─── SOURCE MATERIAL ───

(* [m = 2 e^(-2t) / (1 - e^(-4t))] below is the [1 / sinh (2t)] of the header. *)
Lemma laguerre_heat_kernel_le nu t x y : -1 < nu <= -1/2 -> 0 < t -> 0 < x -> 0 < y ->
  laguerre_heat_kernel nu t x y <=
  16 / Gamma (1/2) * exp (- (x - y) ^ 2 / (8 * t))
  * (Rpower t (- (1 + nu)) * Rpower (x * y) (1/2 + nu) + / sqrt t).
Proof.
  intros Hnu Ht Hx Hy. unfold laguerre_heat_kernel. cbv zeta.
  set (r := exp (-4 * t)). set (w := exp (-2 * t)).
  assert (Hw : 0 < w) by apply exp_pos.
  assert (Hr : r = w * w) by (unfold r, w; rewrite <- exp_plus; f_equal; ring).
  assert (Hr1 : r < 1) by (unfold r; rewrite <- exp_0; apply exp_increasing; lra).
  assert (Hsr : sqrt r = w) by (rewrite Hr; apply sqrt_square; lra).
  set (m := 2 * w / (1 - r)). assert (Hm : 0 < m) by (apply Rdiv_lt_0_compat; lra).
  set (X := x * y). assert (HX : 0 < X) by (apply Rmult_lt_0_compat; assumption).
  replace (2 * sqrt r / (1 - r) * x * y) with (m * X) by (unfold m, X; rewrite Hsr; field; lra).
  replace (2 * sqrt (r * x * y) / (1 - r)) with (m * sqrt X)
    by (unfold m, X; replace (r * x * y) with (r * (x * y)) by ring;
        rewrite (sqrt_mult r), Hsr by nra; field; lra).
  set (E := exp (- (1 / 2) * ((1 + r) / (1 - r)) * (x ^ 2 + y ^ 2))).
  set (K := 16 / Gamma (1/2)).
  assert (HK : 0 < K) by (apply Rdiv_lt_0_compat; [lra | apply Gamma_pos; lra]).
  assert (HI := BesselI_le nu ltac:(lra) ltac:(lra) (m * X) ltac:(nra)). fold K in HI.
  assert (HEm := heat_gauss_le t x y Ht Hx Hy). fold r w m E X in HEm.
  assert (Hmt : m <= / t) by (apply heat_scale_le, Ht).
  assert (H1 := Rpower_le_of_le_inv m t (1 + nu) Hm Ht Hmt ltac:(lra)).
  assert (H2 := Rpower_le_of_le_inv m t (1 / 2) Hm Ht Hmt ltac:(lra)).
  rewrite Rpower_neg_half in H2 by exact Ht.
  assert (HE : 0 < E) by apply exp_pos.
  assert (HsX : 0 < m * sqrt X) by (apply Rmult_lt_0_compat; [exact Hm | apply sqrt_lt_R0, HX]).
  apply Rle_trans with (m * sqrt X * E * (K * exp (m * X) * (Rpower (m * X) nu + Rpower (m * X) (-1/2))));
    [apply Rmult_le_compat_l; [nra | exact HI]|].
  replace (m * sqrt X * E * (K * exp (m * X) * (Rpower (m * X) nu + Rpower (m * X) (-1/2))))
    with (K * (E * exp (m * X))
          * (m * sqrt X * Rpower (m * X) nu + m * sqrt X * Rpower (m * X) (-1/2))) by ring.
  rewrite !sqrt_mul_Rpower by assumption.
  replace (1/2 + -1/2) with 0 by field. replace (1 + -1/2) with (1/2) by field.
  rewrite Rpower_O by exact HX.
  pose proof (exp_pos ((1 / 2 + nu) * ln X)). fold (Rpower X (1/2 + nu)) in *.
  pose proof (exp_pos ((1 + nu) * ln m)). pose proof (exp_pos (1 / 2 * ln m)).
  fold (Rpower m (1 + nu)) (Rpower m (1/2)) in *.
  pose proof (exp_pos (m * X)).
  apply Rmult_le_compat; [apply Rmult_le_pos; [lra | nra] | nra | apply Rmult_le_compat_l; lra |].
  rewrite Rmult_1_r. apply Rplus_le_compat; [apply Rmult_le_compat_r; lra | exact H2].
Qed.

Theorem lemma3p2 (nu : R) (hnu1 : -1 < nu) (hnu2 : nu < -1/2) :
  let gam := -1/2 - nu in
  exists C c : R, 0 < C /\ 0 < c /\
    forall t x y : R, 0 < t -> 0 < x -> 0 < y ->
      laguerre_heat_kernel nu t x y <=
      C * ( / sqrt t * exp (- (Rabs (x - y)) ^ 2 / (c * t))
          + / x * Rpower (x / y) gam * chi (Rlt_dec y (x / 2))
          + / y * Rpower (y / x) gam * chi (Rle_dec (x / 2) y) ).
Proof.
  intros gam. set (K := 16 / Gamma (1/2)).
  assert (HK : 0 < K) by (apply Rdiv_lt_0_compat; [lra | apply Gamma_pos; lra]).
  exists (33 * K), 8. split; [lra|]. split; [lra|].
  intros t x y Ht Hx Hy. rewrite pow2_abs.
  pose proof (laguerre_heat_kernel_le nu t x y ltac:(lra) Ht Hx Hy) as Hker.
  pose proof (weight_gauss_le nu t x y ltac:(lra) Ht Hx Hy) as Hw. fold K gam in Hker, Hw.
  set (G := exp (- (x - y) ^ 2 / (8 * t))) in *.
  set (W := Rpower t (- (1 + nu)) * Rpower (x * y) (1/2 + nu)) in *.
  set (S1 := / x * Rpower (x / y) gam * chi (Rlt_dec y (x / 2))) in *.
  set (S2 := / y * Rpower (y / x) gam * chi (Rle_dec (x / 2) y)) in *.
  assert (0 <= S1) by (unfold S1; apply Rmult_le_pos; [left; apply Rmult_lt_0_compat;
    [apply Rinv_0_lt_compat, Hx | apply exp_pos] | unfold chi; destruct Rlt_dec; lra]).
  assert (0 <= S2) by (unfold S2; apply Rmult_le_pos; [left; apply Rmult_lt_0_compat;
    [apply Rinv_0_lt_compat, Hy | apply exp_pos] | unfold chi; destruct Rle_dec; lra]).
  assert (0 < / sqrt t * G)
    by (apply Rmult_lt_0_compat; [apply Rinv_0_lt_compat, sqrt_lt_R0, Ht | apply exp_pos]).
  eapply Rle_trans; [exact Hker|].
  replace (K * G * (W + / sqrt t)) with (K * (W * G + / sqrt t * G)) by ring.
  replace (33 * K * (/ sqrt t * G + S1 + S2)) with (K * (33 * (/ sqrt t * G + S1 + S2))) by ring.
  apply Rmult_le_compat_l; lra.
Qed.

───

If a line in the entries holds the string "assumption", copy it.

  set (X := x * y). assert (HX : 0 < X) by (apply Rmult_lt_0_compat; assumption).
  rewrite !sqrt_mul_Rpower by assumption.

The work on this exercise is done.